I'm not even sure how to even begin this entry. What can I say? I've already noted how I've liked Dexter the television series over Dexter the novel series. It's probably because the Showtime series deviates significantly from the Jeff Lindsay novels greatly. For instance, lovable, foul-mouthed sister Debs doesn't know that her adopted brother Dexter holds a terrible secret passion. And Rita's kids - Cody and Astor - don't have homicidal tendencies. And after reading Dexter in the Dark, the show also deviates from bringing mythological entities into play.
Unlike Tess Gerritsen's placement of new age, mythological, JudeoChristian legends in her novel, The Mephisto Club - which were only used a plot device, and not as an actuality - Lindsay uses the Moloch myth as an actuality. He also turns Dexter's Dark Passenger from psychological entity - the reasoning behind Dexter's need to slice and dice - into a "bastard child" of Moloch's.
There were times when the story was great, but other times it left me wanting to toss the book aside and never bothering with the novels ever again. I mean, what's the point? If the writer is going to throw something like this out of the blue, why should the readers take it seriously? It's a rule, isn't it? You can't introduce something fantasy in a world that was created in actuality? I don't know.
Also, what's with the return of Doakes?
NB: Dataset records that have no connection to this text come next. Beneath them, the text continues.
Let sum_pair_at_indicator (G : 'I_N -> R) k :
  \sum_(j < N) (pair_at j == pair_at k)%:R * G j = G k.
Proof.
rewrite (bigD1 k) //= eqxx mul1r big1 ?addr0 // => j jk.
by rewrite (inj_eq (tuple_uniqP (in_tuple pairs) pairs_uniq)) (negbTE jk) mul0r.
Qed.

Let coupling_cost_of_vec v : coupling_cost cost f r g (coupling_of_vec v) = lin_cost v.
Proof.
rewrite coupling_costE //.
transitivity (\sum_(x <- sf) \sum_(y <- sg) \sum_(k < N)
   (pair_at k == ((x : T), (y : T)))%:R * cost x r y * v ord0 k).
  apply: eq_bigr => x _; apply: eq_bigr => y _.
  by rewrite big_distrl; apply: eq_bigr => k _; rewrite mulrAC.
rewrite sum_pairs exchange_big /=; apply: eq_bigr => k _.
under eq_bigr do rewrite -surjective_pairing eq_sym -mulrA.
exact: sum_pair_at_indicator.
Qed.

Let lin_cost_of_coupling h :
  lin_cost (vec_of_coupling h) = coupling_cost cost f r g h.
Proof. by rewrite coupling_costE // sum_pairs; apply: eq_bigr => k _; rewrite mxE mulrC. Qed.

Let marginal1_of_coupling h x : coupling f g h -> marginal1 x (vec_of_coupling h) = f x.
Proof.
move=> [_ _ hf _]; rewrite /marginal1.
under eq_bigr do rewrite mxE.
rewrite -(sum_pairs (fun a b => (a == (x : T))%:R * h a b)).
under eq_bigr do rewrite -big_distrr /=.
rewrite sum_indicator_seq ?supp_seq_uniq // -(@fsbig_supp_seq _ _ g (h x)) // hf.
by rewrite mem_supp_seq //; have [->|] := eqVneq (f x) 0; rewrite ?mulr0 ?mul1r.
Qed.

Let marginal2_of_coupling h y : coupling f g h -> marginal2 y (vec_of_coupling h) = g y.
Proof.
move=> [_ _ _ hg]; rewrite /marginal2.
under eq_bigr do rewrite mxE.
rewrite -(sum_pairs (fun a b => (b == (y : T))%:R * h a b)) exchange_big /=.
under eq_bigr do rewrite -big_distrr /=.
rewrite sum_indicator_seq ?supp_seq_uniq // -(@fsbig_supp_seq _ _ f (h^~ y)) // hg.
by rewrite mem_supp_seq //; have [->|] := eqVneq (g y) 0; rewrite ?mulr0 ?mul1r.
Qed.

Let feasible : set 'rV[R]_N :=
  (\bigcap_(k in setT) (fun v : 'rV[R]_N => v ord0 k) @^-1` `[0, \sum_(x <- sf) f x]%classic) `&`
  (\bigcap_(x in setT) marginal1 x @^-1` [set f x]) `&`
  (\bigcap_(y in setT) marginal2 y @^-1` [set g y]).

Let feasible_compact : compact feasible.
Proof.
have closed_feasible : closed feasible.
  apply: closedI; [apply: closedI|].
  - apply: closed_bigI => k _; apply: preimage_closed; last exact: interval_closed.
    by move=> v _; apply: (@coord_continuous R 1 N ord0 k).
  - apply: closed_bigI => x _; apply: preimage_closed; last exact: closed_eq.
    by move=> v _; apply: linear_form_continuous.
  - apply: closed_bigI => y _; apply: preimage_closed; last exact: closed_eq.
    by move=> v _; apply: linear_form_continuous.
apply: (subclosed_compact closed_feasible (rV_compact (fun _ : 'I_N => @segment_compact R 0 (\sum_(x <- sf) f x)))).
by move=> v [[bound _] _] k; apply: bound.
Qed.

Let vec_of_coupling_feasible h : coupling f g h -> feasible (vec_of_coupling h).
Proof.
move=> ch; split; [split|]; last 2 first.
- by move=> x _; apply: marginal1_of_coupling.
- by move=> y _; apply: marginal2_of_coupling.
move=> k _; have [h0 _ hf _] := ch.
rewrite /= in_itv /= mxE h0 /=; apply: (le_trans (y := f (pair_at k).1)).
  rewrite -hf fsbig_supp_seq // (bigD1_seq (pair_at k).2) ?supp_seq_uniq //= lerDl.
  exact: sumr_ge0.
rewrite (bigD1_seq (pair_at k).1) ?supp_seq_uniq //= lerDl.
exact: sumr_ge0.
Qed.

Let coupling_of_feasible v : feasible v -> coupling f g (coupling_of_vec v).
Proof.
move=> [[bound m1] m2]; split.
- move=> x y; apply: sumr_ge0 => k _; apply: mulr_ge0 => //.
  by have := bound k I; rewrite /= in_itv /= => /andP[].
- move=> x y; have [/allpairsP [[a b] [/= af bg [-> ->]]] _|nP] :=
    boolP (((x : T), (y : T)) \in pairs).
    by split; [move: af|move: bg]; rewrite mem_supp_seq.
  move=> /eqP[]; rewrite /coupling_of_vec big1 // => k _.
  by case: eqP => [kxy|]; [move: nP; rewrite -kxy pair_at_in|rewrite mul0r].
- by move=> x; rewrite fsbig_supp_seq // sum_coupling_of_vec1; apply: m1.
- by move=> y; rewrite fsbig_supp_seq // sum_coupling_of_vec2; apply: m2.
Qed.

Hypothesis cost_ge0 : forall x r y, 0 <= cost x r y.

Lemma optimal_coupling_exists : (exists gam, coupling f g gam) ->
  exists2 gam, coupling f g gam & coupling_cost cost f r g gam = tcost cost f r g.
Proof.
move=> [gam0 cgam0].
have feasible0 : feasible !=set0.
  by exists (vec_of_coupling gam0); apply: vec_of_coupling_feasible.
have lin_cost_cont : continuous lin_cost by apply: linear_form_continuous.
have [v /[!in_setE] vK vmin] :=
  EVT_min_rV feasible0 feasible_compact (continuous_subspaceT lin_cost_cont).
exists (coupling_of_vec v); first exact: coupling_of_feasible.
apply/eqP; rewrite eq_le (tcost_le_coupling_cost cost_ge0 _ (coupling_of_feasible vK)) andbT.
rewrite coupling_cost_of_vec; apply: lb_le_inf.
  by exists (coupling_cost cost f r g gam0), gam0.
move=> _ [h ch <-]; rewrite -lin_cost_of_coupling; apply: vmin.
by rewrite in_setE; apply: vec_of_coupling_feasible.
Qed.

End OptimalCoupling.

Section Mixture.
Variables (R : realType) (X M : Type).
Implicit Types (l : seq (R * (fdist R X * M))) (k : fdist R X * M).

Definition weights_valid l := all (fun p => 0 < p.1) l /\ \sum_(p <- l) p.1 = 1.

Lemma mix_ge0 l x : all (fun p => 0 < p.1) l -> 0 <= mix l x.
Proof.
move=> l_pos; apply: sumr_ge0_In => p pl; apply: mulr_ge0; last exact: fmass_ge0.
exact/ltW/(all_In l_pos pl).
Qed.

Lemma mix_neq0 l p x :
  all (fun p => 0 < p.1) l -> List.In p l -> fmass p.2.1 x != 0 -> mix l x != 0.
Proof.
move=> l_pos pl px; rewrite gt_eqF // (sumr_gt0_In _ pl) //.
  move=> q ql; apply: mulr_ge0; [exact/ltW/(all_In l_pos ql)|exact: fmass_ge0].
by rewrite mulr_gt0 ?(all_In l_pos pl) // lt_neqAle eq_sym px fmass_ge0.
Qed.

Lemma mix_neq0_In l x : mix l x != 0 -> exists2 p, List.In p l & fmass p.2.1 x != 0.
Proof.
by move=> /sumr_neq0_In [p pl]; rewrite mulf_eq0 negb_or => /andP[_ px]; exists p.
Qed.

Lemma mix_supp_finite l : finite_set (supp (mix l)).
Proof.
apply: (@sub_finite_set _ _ [set` flatten [seq supp_seq (fmass p.2.1) | p <- l]]) => //.
move=> x /= /mix_neq0_In [p pl px]; apply/flattenP.
exists (supp_seq (fmass p.2.1)); first exact: In_mem_map.
by rewrite mem_supp_seq //; exact: fmass_fin.
Qed.

Lemma mix_sum1 l : weights_valid l -> \sum_(x \in supp (mix l)) mix l x = 1.
Proof.
move=> [l_pos l_sum1]; rewrite fsbig_supp_seq; last exact: mix_supp_finite.
rewrite /mix exchange_big /= -l_sum1; apply: eq_big_In => p pl.
rewrite -big_distrr /= -[RHS]mulr1; congr (_ * _).
rewrite -(fmass_sum1 p.2.1); apply/esym/fsbig_supp_widen => //.
- exact: supp_seq_uniq.
- move=> x px; rewrite mem_supp_seq; [exact: (mix_neq0 l_pos pl px)|exact: mix_supp_finite].
Qed.

Lemma weights_valid_unit k : weights_valid [:: (1, k)].
Proof. by split; rewrite /= ?ltr01 // big_cons big_nil addr0. Qed.

Lemma mix_unit k : mix [:: (1, k)] = fmass k.1.
Proof. by apply/funext => x; rewrite /mix big_cons big_nil mul1r addr0. Qed.

Definition mix_fdist l (vl : weights_valid l) : fdist R X :=
  @FDist R X (mix l) (fun x => mix_ge0 x vl.1) (mix_supp_finite l) (mix_sum1 vl).

End Mixture.

Section OptimalStep.
Variables (R : realType) (X Req : Type) (cost : X -> Req -> X -> R).
Hypothesis cost_ge0 : forall x r y, 0 <= cost x r y.
Variables (M : Type) (step : fdist R X * M -> Req -> seq (R * (fdist R X * M))).
Hypothesis step_valid : mixed_valid step.

Definition opt_coupling (f : X -> R) r (g : X -> R) : X -> X -> R :=
  match pselect (exists2 h, coupling f g h & coupling_cost cost f r g h = tcost cost f r g) with
  | left H => s2val (cid2 H)
  | right _ => fun _ _ => 0
  end.

Definition step_coupling k r := opt_coupling (fmass k.1) r (mix (step k r)).

Lemma step_couplingP k r :
  coupling (fmass k.1) (mix (step k r)) (step_coupling k r) /\
  coupling_cost cost (fmass k.1) r (mix (step k r)) (step_coupling k r)
    = tcost cost (fmass k.1) r (mix (step k r)).
Proof.
have [kr_pos kr_sum1] := step_valid k r.
have : exists2 h, coupling (fmass k.1) (mix (step k r)) h &
  coupling_cost cost (fmass k.1) r (mix (step k r)) h = tcost cost (fmass k.1) r (mix (step k r)).
  apply: optimal_coupling_exists => //; [exact: fmass_ge0|exact: fmass_fin|exact: mix_supp_finite|].
  exists (fun x y => fmass k.1 x * mix (step k r) y); apply: coupling_prod.
  - exact: fmass_ge0.
  - by move=> y; apply: mix_ge0.
  - exact: fmass_sum1.
  - exact: mix_sum1.
by rewrite /step_coupling /opt_coupling; case: pselect => // H _; case: (cid2 H).
Qed.

End OptimalStep.

Section BehavioralOfMixed.
Variables (R : realType) (X Req : Type) (cost : X -> Req -> X -> R).
Hypothesis cost_ge0 : forall x r y, 0 <= cost x r y.
Variables (M : Type) (step : fdist R X * M -> Req -> seq (R * (fdist R X * M))).
Hypothesis step_valid : mixed_valid step.
Local Notation coupling_at := (step_coupling cost step).
Implicit Types (k : fdist R X * M) (q : R * (fdist R X * M)).

(* Bayes' rule: the probability that A chose the subsequent state q given that
   the point of the mixture reached is y. *)
Definition posterior k r (y : X) q : R := q.1 * fmass q.2.1 y / mix (step k r) y.

(* Positions outside the support of the current
   distribution are never reached; there the algorithm just stays put. *)
Definition behavioral_of_mixed (x : X) k r : seq (R * (X * (fdist R X * M))) :=
  if fmass k.1 x != 0 then
    [seq (coupling_at k r x y / fmass k.1 x * posterior k r y q, ((y : X), q.2))
      | y <- supp_seq (mix (step k r)), q <- step k r]
  else [:: (1, (x, k))].

Lemma sum_posterior k r y :
  mix (step k r) y != 0 -> \sum_(q <- step k r) posterior k r y q = 1.
Proof. by move=> ky; rewrite -big_distrl /= mulfV. Qed.

Lemma mix_mul_posterior k r y q :
  mix (step k r) y != 0 -> mix (step k r) y * posterior k r y q = q.1 * fmass q.2.1 y.
Proof. by move=> ky; rewrite mulrCA mulfV ?mulr1. Qed.

Lemma behavioral_of_mixed_valid : behavioral_valid behavioral_of_mixed.
Proof.
move=> x k r; rewrite /behavioral_of_mixed.
have [fx|_] := ifPn; last by rewrite /= ler01 big_cons big_nil addr0.
have [[c0 _ cm _] _] := step_couplingP cost_ge0 step_valid k r.
have [kr_pos _] := step_valid k r.
have krfin := mix_supp_finite (step k r).
split.
  apply: all_allpairs => y q ql /=; apply: mulr_ge0; apply: mulr_ge0 => //.
  - by rewrite invr_ge0 fmass_ge0.
  - by apply: mulr_ge0; [exact/ltW/(all_In kr_pos ql)|exact: fmass_ge0].
  - by rewrite invr_ge0 mix_ge0.
rewrite big_allpairs_dep /= (eq_big_seq (fun y : {classic X} => coupling_at k r x y / fmass k.1 x)).
  by rewrite -big_distrl /= -fsbig_supp_seq // cm mulfV.
move=> y; rewrite mem_supp_seq // => ky.
by rewrite -big_distrr /= sum_posterior ?mulr1.
Qed.

Lemma behavioral_of_mixed_sum x k r (G : X * (fdist R X * M) -> R) :
  fmass k.1 x != 0 ->
  fmass k.1 x * \sum_(p <- behavioral_of_mixed x k r) p.1 * G p.2 =
  \sum_(y <- supp_seq (mix (step k r))) \sum_(q <- step k r)
     coupling_at k r x y * posterior k r y q * G (y, q.2).
Proof.
move=> fx; rewrite /behavioral_of_mixed fx big_allpairs_dep /= big_distrr.
apply: eq_bigr => y _ /=; rewrite big_distrr; apply: eq_bigr => q _ /=.
by rewrite !mulrA [fmass k.1 x * _]mulrC mulfK.
Qed.

Lemma behavioral_of_mixed_ecost rho k :
  \sum_(x \in supp (fmass k.1)) fmass k.1 x * behavioral_ecost cost behavioral_of_mixed rho x k
  = mixed_ecost cost step rho k.
Proof.
elim: rho k => [|r rho IH] k /=; first by rewrite fsbig1 // => x _; rewrite mulr0.
have [[_ _ _ cm2] copt] := step_couplingP cost_ge0 step_valid k r.
have [kr_pos _] := step_valid k r.
have kfin := fmass_fin k.1.
have krfin : finite_set (supp (mix (step k r))) := mix_supp_finite _.
pose B := behavioral_ecost cost behavioral_of_mixed rho.
rewrite fsbig_supp_seq //.
rewrite (eq_big_seq (fun x : {classic X} => \sum_(y <- supp_seq (mix (step k r))) \sum_(q <- step k r)
    (coupling_at k r x y * posterior k r y q * cost x r y +
     coupling_at k r x y * posterior k r y q * B y q.2))); last first.
  move=> x; rewrite mem_supp_seq // => kx.
  rewrite (behavioral_of_mixed_sum _ (fun z => cost x r z.1 + B z.1 z.2)) //.
  by apply: eq_bigr => y _; apply: eq_bigr => q _; rewrite mulrDr.
under eq_bigr do under eq_bigr do rewrite big_split.
under eq_bigr do rewrite big_split.
rewrite big_split /=; congr (_ + _).
  rewrite -copt coupling_costE //; apply: eq_bigr => x _; apply: eq_big_seq => y.
  rewrite mem_supp_seq // => ky.
  by rewrite -big_distrl -big_distrr /= sum_posterior // mulr1.
rewrite exchange_big /=.
under eq_bigr do rewrite exchange_big /=.
rewrite exchange_big /=; apply: eq_big_In => q ql.
rewrite -(IH q.2) (@fsbig_supp_widen _ _ _ (supp_seq (mix (step k r)))) ?big_distrr /=.
- apply: eq_big_seq => y; rewrite mem_supp_seq // => ky.
  rewrite -!big_distrl /= -fsbig_supp_seq // cm2.
  by rewrite mix_mul_posterior // mulrA.
- exact: supp_seq_uniq.
- by move=> y qy; rewrite mem_supp_seq //; apply: (mix_neq0 kr_pos ql qy).
- by move=> y ->; rewrite mul0r.
Qed.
I understand - unlike season two - he didn't die in the second book, but his presence really necessary? Returning half the man he used to be serves no actual purpose. I understand the intent was to compare Dexter's old nemesis with his new one - the cult did want to end Dexter - but it failed to do that.
If only there were some realistic explanation of the events in the novel, I may have liked it better - like a guy who thought he was Moloch and drug poisoning to explain the concert in Dexter's head. Still, the book might be something to take a gander at. If you're bored. And if there's a sale. Or you buy it cheap. Or check it out in the library. Or borrow it from a friend. Or, you know, not at all.